EXERCISE OBJECTIVE: Where the listing below has a line with "At [omega*omega +", write out exactly that line and every line after it, stopping after the line with "Definition cantor_pair (x".

SUPPLIED MATERIAL:
■ ■ ■ ■ ■ ■ ■

(* Let $(p_{n,m})_{n,m\in\omega}$ be a matrix of terms such that: (1) each $p_{n,m}$ depends only on variables $x_{i,j}$ with $i<n$; (2) for every $n$ there are infinitely many $m$ with $p_{n,m}=^*0$ (the constant term); (3) for all $i,j$ there are infinitely many $n$ such that for every $M\in\omega$ there are $m_0,\dots,m_k>M$ such that $x_{i,j}$ is determined by $p_{n,m_0},\dots,p_{n,m_k}$. Then there is $q\in R_{\omega\cdot\omega+\omega}$ with $\sigma(q)=\bar p$, i.e. $q_{n,m}=p_{n,m}$ for all $n,m\in\omega$.
   Context: Throughout, $\delta$ denotes a nonzero countable limit ordinal. Terms: variables are $x_{l,k}$ ($l,k\in\omega$), each taking values in $\{0,1\}$. A term $t$ is given by a finite sequence of variables $(v_0,\dots,v_{r-1})$ and a function $F:2^r\to2$; a variable $v$ is identified with the term $((v),\mathrm{id})$. An assignment $a$ maps variables to $\{0,1\}$ and extends to terms by $t\circ a=F(v_0\circ a,\dots,v_{r-1}\circ a)$. Terms are identified modulo $t=^*s$ iff $t\circ a=s\circ a$ for all assignments $a$. A term depends only on variables in $Y$ if it is $=^*$ to a term using only variables from $Y$. A term or variable $s$ is determined by terms $t_0,\dots,t_n$ if for all assignments $a,b$, $(t_i\circ a)_{i\le n}=(t_i\circ b)_{i\le n}$ implies $s\circ a=s\circ b$. The forcing $\tilde P$: a condition $\tilde p$ has height $\mathrm{ht}(\tilde p)<\omega_1$ and consists of, for every limit $\delta<\mathrm{ht}(\tilde p)$ and $n,m,k\in\omega$: a cofinal $\nu_{\delta,n,m}\subseteq\delta$ of order type $\omega$, with $\nu_{\delta,n,m_1}\cap\nu_{\delta,n,m_2}=\emptyset$ for $m_1\ne m_2$; a strictly increasing $j_{\delta,n,m}:\omega\to\omega$; and a surjective $f_{\delta,n,m,k}:2^{[j_{\delta,n,m}(k),\,j_{\delta,n,m}(k+1)-1]}\to2$; ordered by extension. For $\eta$ into $2$ with domain containing $\nu_{\delta,n,m}$, with $\zeta_i$ the $i$-th element of $\nu_{\delta,n,m}$, $g_{\delta,n,m,k}(\eta)=f_{\delta,n,m,k}((\eta(\zeta_i))_{j_{\delta,n,m}(k)\le i<j_{\delta,n,m}(k+1)})$. The set $R$: $R=\bigcup_{\delta<\omega_1}R_{\delta+\omega}$, where $p\in R_{\delta+\omega}$ consists of $\tilde p\in\tilde P$ with $\mathrm{ht}(\tilde p)=\delta+1$ and terms $\bar p=(p_{n,\alpha})_{n\in\omega,\alpha<\delta+\omega}$ such that $p_{n,\delta+m}=x_{n,m}$; for $\alpha<\delta$, $p_{n,\alpha}$ depends only on variables $x_{l,k}$ with $l<n$; and for all $n,m\in\omega$ and all limit $\alpha\le\delta$ there is $k_0$ such that for every assignment $a$, $p_{n,\alpha+m}\circ a=g_{\alpha,n,m,k}((p_{n+1,\zeta}\circ a)_{\zeta<\alpha})$ for all $k\ge k_0$ (computed from $\tilde p$). For $p\in R$, $\sigma(p)=(p_{n,m})_{n,m\in\omega}$. *)

From mathcomp Require Import all_boot.
Set Implicit Arguments. Unset Strict Implicit. Unset Printing Implicit Defensive.

(* the variable x_{l,k} is encoded as the pair (l,k) *)
Definition var := (nat * nat)%type.
Definition assignment := nat -> nat -> bool.

(* a term: a finite sequence of variables (v_0,...,v_{r-1}) and F : 2^r -> 2,
   where 2^r is represented by boolean lists (only lists of length r matter) *)
Record term := Term { tvars : seq var; tfun : seq bool -> bool }.

Definition eval (t : term) (a : assignment) : bool :=
  tfun t [seq a v.1 v.2 | v <- tvars t].

Definition teq (t s : term) : Prop := forall a, eval t a = eval s a.

Definition var_term (l k : nat) : term := Term [:: (l, k)] (fun bs => head false bs).

Definition zero_term : term := Term [::] (fun _ => false).

Definition depends_only (Y : var -> Prop) (t : term) : Prop :=
  exists s, teq t s /\ forall v, v \in tvars s -> Y v.

Definition determined (s : term) (ts : seq term) : Prop :=
  forall a b, [seq eval t a | t <- ts] = [seq eval t b | t <- ts] -> eval s a = eval s b.

(* OFin k j = omega*k + j ;  OTop j = omega*omega + j *)
Inductive ord := OFin (k j : nat) | OTop (j : nat).

Definition olt (x y : ord) : Prop :=
  match x, y with
  | OFin k j, OFin k' j' => (k < k')%N \/ (k = k' /\ (j < j')%N)
  | OFin _ _, OTop _ => True
  | OTop _, OFin _ _ => False
  | OTop j, OTop j' => (j < j')%N
  end.

Definition is_limit (x : ord) : Prop :=
  match x with
  | OFin k j => (0 < k)%N /\ j = 0%N
  | OTop j => j = 0%N
  end.

Definition oadd (x : ord) (m : nat) : ord :=
  match x with
  | OFin k j => OFin k (j + m)
  | OTop j => OTop (j + m)
  end.

Definition omega_omega : ord := OTop 0.

(* data for every limit alpha <= omega*omega (values at non-limits are irrelevant):
   nu alpha n m i  = the i-th element zeta_i of nu_{alpha,n,m}
   jj alpha n m    = j_{alpha,n,m}
   ff alpha n m k  = f_{alpha,n,m,k}, acting on the list
                     (eta(zeta_i))_{j(k) <= i < j(k+1)} *)
Record cond := Cond {
  nu : ord -> nat -> nat -> nat -> ord;
  jj : ord -> nat -> nat -> nat -> nat;
  ff : ord -> nat -> nat -> nat -> seq bool -> bool }.

Definition cond_ok (c : cond) : Prop :=
  forall alpha, is_limit alpha -> forall n m,
    (forall i, olt (nu c alpha n m i) alpha) /\
    (forall i, olt (nu c alpha n m i) (nu c alpha n m i.+1)) /\
    (forall beta, olt beta alpha -> exists i, olt beta (nu c alpha n m i)) /\
    (forall m', m <> m' -> forall i i', nu c alpha n m i <> nu c alpha n m' i') /\
    (forall k, (jj c alpha n m k < jj c alpha n m k.+1)%N) /\
    (forall k (b : bool), exists bs : seq bool,
        size bs = (jj c alpha n m k.+1 - jj c alpha n m k)%N /\ ff c alpha n m k bs = b).

Definition g (c : cond) (alpha : ord) (n m k : nat) (eta : ord -> bool) : bool :=
  ff c alpha n m k
     [seq eta (nu c alpha n m i)
     | i <- iota (jj c alpha n m k) (jj c alpha n m k.+1 - jj c alpha n m k)].

Record Relt := RElt { rcond : cond; rterm : nat -> ord -> term }.

Definition in_R_oo (q : Relt) : Prop :=
  cond_ok (rcond q) /\
  (forall n m, teq (rterm q n (oadd omega_omega m)) (var_term n m)) /\
  (forall n alpha, olt alpha omega_omega ->
     depends_only (fun v => (v.1 < n)%N) (rterm q n alpha)) /\
  (forall n m alpha, is_limit alpha ->
     exists k0, forall (a : assignment) k, (k0 <= k)%N ->
       eval (rterm q n (oadd alpha m)) a
       = g (rcond q) alpha n m k (fun zeta => eval (rterm q n.+1 zeta) a)).

(* Every term [q_(n, alpha)] with [omega <= alpha < omega*omega] is either [0] or a variable
   [x_(i, j)] with [i < n]: at level [k >= 1] of row [n], a slot carries [x_(i, j)] exactly
   when [i < n] and row [n + k] determines [x_(i, j)] by arbitrarily late terms.  Keeping
   [row + level] fixed, the limit [omega*(k+2)] just copies level [k+1] of the next row.
   At [omega*omega + m] the variable [x_(n, m)] is copied from the levels [N - n - 1] of
   row [n + 1], where [N] ranges over the infinitely many rows that determine [x_(n, m)].
   At [omega + s], row [n + 1] of [p] is cut into consecutive finite windows, shared
   out among the slots, each window determining the slot's value; the decoder reads the
   value off the window, and a term [p_(n+1, m) = 0] inside the window of an empty slot
   keeps the decoder surjective. *)

From Stdlib Require Import Cantor ClassicalEpsilon.
From mathcomp Require Import all_boot zify.
Set Implicit Arguments. Unset Strict Implicit. Unset Printing Implicit Defensive.

Definition asbool (P : Prop) : bool := if excluded_middle_informative P then true else false.

Lemma asboolP (P : Prop) : reflect P (asbool P).
Proof. by rewrite /asbool; case: excluded_middle_informative => h; constructor. Qed.

Definition cantor_pair (x y : nat) : nat := Cantor.to_nat (x, y).
Definition cantor_unpair : nat -> nat * nat := Cantor.of_nat.

Lemma cantor_pairK x y : cantor_unpair (cantor_pair x y) = (x, y).
Proof. exact: Cantor.cancel_of_to. Qed.

Lemma cantor_pair_inj x y x' y' : cantor_pair x y = cantor_pair x' y' -> x = x' /\ y = y'.
Proof. by move/(congr1 cantor_unpair); rewrite !cantor_pairK => -[-> ->]. Qed.

Lemma leq_cantor_pair_r x y : y <= cantor_pair x y.
Proof. by have /leP := Cantor.to_nat_non_decreasing x y; rewrite /cantor_pair; lia. Qed.

Lemma cantor_pair_ltr x y : cantor_pair x y < cantor_pair x y.+1.
Proof.
have := Cantor.to_nat_spec x y; have := Cantor.to_nat_spec x y.+1.
by rewrite /cantor_pair => *; apply/ltP; nia.
Qed.

Lemma cantor_pair_monor x : {homo cantor_pair x : y y' / y < y'}.
Proof. exact: homo_ltn ltn_trans (cantor_pair_ltr x). Qed.

Section IntervalConcatenation.
Variables lo sz : nat -> nat.
Hypothesis sz_gt0 : forall t, 0 < sz t.
Hypothesis lo_sz : forall t, lo t + sz t <= lo t.+1.

Definition block_start t := \sum_(u < t) sz u.

Fixpoint block_pos (i : nat) : nat * nat :=
  if i is i'.+1 then
    let: (t, d) := block_pos i' in if d.+1 < sz t then (t, d.+1) else (t.+1, 0)
  else (0, 0).

Definition block_enum i := lo (block_pos i).1 + (block_pos i).2.

Lemma block_startS t : block_start t.+1 = block_start t + sz t.
Proof. by rewrite /block_start big_ord_recr. Qed.

Lemma block_pos_lt i : (block_pos i).2 < sz (block_pos i).1.
Proof.
elim: i => [|i] /=; first exact: sz_gt0.
by case: (block_pos i) => t d /= _; case: ifP.
Qed.

Lemma block_pos_shift t d :
  block_pos (block_start t) = (t, 0) -> d < sz t -> block_pos (block_start t + d) = (t, d).
Proof.
move=> h0; elim: d => [|d IHd] hd; first by rewrite addn0.
by rewrite addnS /= IHd ?hd // ltnW.
Qed.

Lemma block_pos_start t : block_pos (block_start t) = (t, 0).
Proof.
elim: t => [|t IH]; first by rewrite /block_start big_ord0.
by rewrite block_startS -(prednK (sz_gt0 t)) addnS /= block_pos_shift // ?prednK ?ltnn.
Qed.

Lemma block_pos_at t d : d < sz t -> block_pos (block_start t + d) = (t, d).
Proof. exact/block_pos_shift/block_pos_start. Qed.

Lemma block_enum_lt i : block_enum i < block_enum i.+1.
Proof.
rewrite /block_enum /=; have := block_pos_lt i.
case: (block_pos i) => t d /= hd; case: ifP => _ /=; first by rewrite addnS.
by rewrite addn0; apply: leq_trans (lo_sz t); rewrite ltn_add2l.
Qed.

Lemma leq_block_enum i : i <= block_enum i.
Proof. by elim: i => // i IH; apply: leq_ltn_trans IH (block_enum_lt i). Qed.

Lemma block_enum_mem i :
  lo (block_pos i).1 <= block_enum i < lo (block_pos i).1 + sz (block_pos i).1.
Proof. by rewrite /block_enum leq_addr ltn_add2l block_pos_lt. Qed.

Lemma block_start_lt t : block_start t < block_start t.+1.
Proof. by rewrite block_startS -addn1 leq_add2l sz_gt0. Qed.

Lemma block_start_diff t : block_start t.+1 - block_start t = sz t.
Proof. by rewrite block_startS addKn. Qed.

Lemma block_enum_block t :
  [seq block_enum i | i <- iota (block_start t) (block_start t.+1 - block_start t)]
  = iota (lo t) (sz t).
Proof.
rewrite block_start_diff; apply: (@eq_from_nth _ 0); rewrite size_map !size_iota //.
move=> d hd; rewrite (nth_map 0) ?size_iota // !nth_iota //.
by rewrite /block_enum block_pos_at.
Qed.

End IntervalConcatenation.

Section Construction.
Variable p : nat -> nat -> term.

Definition tail_determines (n i j : nat) : Prop := forall M, exists ms : seq nat,
  ms <> [::] /\ all (fun m => M < m) ms /\ determined (var_term i j) [seq p n m | m <- ms].

Hypothesis p_depends : forall n m, depends_only (fun v => v.1 < n) (p n m).
Hypothesis p_zero : forall n M, exists m, M < m /\ teq (p n m) zero_term.
Hypothesis p_determines : forall i j N, exists n, N < n /\ tail_determines n i j.

(* The second component of [s] is a free tag, so that every variable has infinitely many slots. *)
Definition slot_var (s : nat) : nat * nat := cantor_unpair (cantor_unpair s).1.

Definition active (k N s : nat) : Prop :=
  (slot_var s).1 < N /\ tail_determines (N + k) (slot_var s).1 (slot_var s).2.

Definition level_term (k N s : nat) : term :=
  if asbool (active k N s) then var_term (slot_var s).1 (slot_var s).2 else zero_term.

■ ■ ■ ■ ■ ■ ■

SOLUTION TO THIS EXERCISE:
   At [omega*omega + m] the variable [x_(n, m)] is copied from the levels [N - n - 1] of
   row [n + 1], where [N] ranges over the infinitely many rows that determine [x_(n, m)].
   At [omega + s], row [n + 1] of [p] is cut into consecutive finite windows, shared
   out among the slots, each window determining the slot's value; the decoder reads the
   value off the window, and a term [p_(n+1, m) = 0] inside the window of an empty slot
   keeps the decoder surjective. *)

From Stdlib Require Import Cantor ClassicalEpsilon.
From mathcomp Require Import all_boot zify.
Set Implicit Arguments. Unset Strict Implicit. Unset Printing Implicit Defensive.

Definition asbool (P : Prop) : bool := if excluded_middle_informative P then true else false.

Lemma asboolP (P : Prop) : reflect P (asbool P).
Proof. by rewrite /asbool; case: excluded_middle_informative => h; constructor. Qed.

Definition cantor_pair (x y : nat) : nat := Cantor.to_nat (x, y).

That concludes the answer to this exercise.